== Segment start ==
(* For any fixed $k\ge 3$, as $t\to\infty$, $$\Pr\big(|Z_k(t) - \mathbb{E}[Z_k(t)]| \geq \sqrt{t\log t}\big) = o(1),$$ where $Z_k(t)$ is the number of vertices of degree $k$ in a Random Apollonian Network after $t$ steps.
   Context: A Random Apollonian Network (RAN) is generated as follows: start (at time $t=0$) with a single triangular face. At each step $t=1,2,\dots$, pick one of the current (bounded) triangular faces uniformly at random, insert a new vertex inside it, and connect it to the three vertices on the boundary of that face, subdividing the face into three new triangular faces. $Z_k(t)$ denotes the number of vertices of degree exactly $k$ after $t$ steps. *)

From HB Require Import structures.
From mathcomp Require Import all_boot all_order all_algebra.
From mathcomp Require Import all_classical all_reals all_analysis.
Set Implicit Arguments. Unset Strict Implicit. Unset Printing Implicit Defensive.
Import Order.TTheory GRing.Theory Num.Theory.

(* Random Apollonian Network, encoded by the sequence of uniform choices.
   Vertices are labelled by nat: the initial triangle is 0,1,2; the vertex
   inserted at step n+1 (n = number of steps already done) is n+3.
   A state is (list of current bounded triangular faces, list of edges). *)

Definition ran_state := (seq (nat * nat * nat) * seq (nat * nat))%type.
== Segment end ==
* [Work instruction] An exact transcription of the data above is required.

* [Response to the exercise]
(* For any fixed $k\ge 3$, as $t\to\infty$, $$\Pr\big(|Z_k(t) - \mathbb{E}[Z_k(t)]| \geq \sqrt{t\log t}\big) = o(1),$$ where $Z_k(t)$ is the number of vertices of degree $k$ in a Random Apollonian Network after $t$ steps.
   Context: A Random Apollonian Network (RAN) is generated as follows: start (at time $t=0$) with a single triangular face. At each step $t=1,2,\dots$, pick one of the current (bounded) triangular faces uniformly at random, insert a new vertex inside it, and connect it to the three vertices on the boundary of that face, subdividing the face into three new triangular faces. $Z_k(t)$ denotes the number of vertices of degree exactly $k$ after $t$ steps. *)

From HB Require Import structures.
From mathcomp Require Import all_boot all_order all_algebra.
From mathcomp Require Import all_classical all_reals all_analysis.
Set Implicit Arguments. Unset Strict Implicit. Unset Printing Implicit Defensive.
Import Order.TTheory GRing.Theory Num.Theory.

(* Random Apollonian Network, encoded by the sequence of uniform choices.
   Vertices are labelled by nat: the initial triangle is 0,1,2; the vertex
   inserted at step n+1 (n = number of steps already done) is n+3.
   A state is (list of current bounded triangular faces, list of edges). *)

Definition ran_state := (seq (nat * nat * nat) * seq (nat * nat))%type.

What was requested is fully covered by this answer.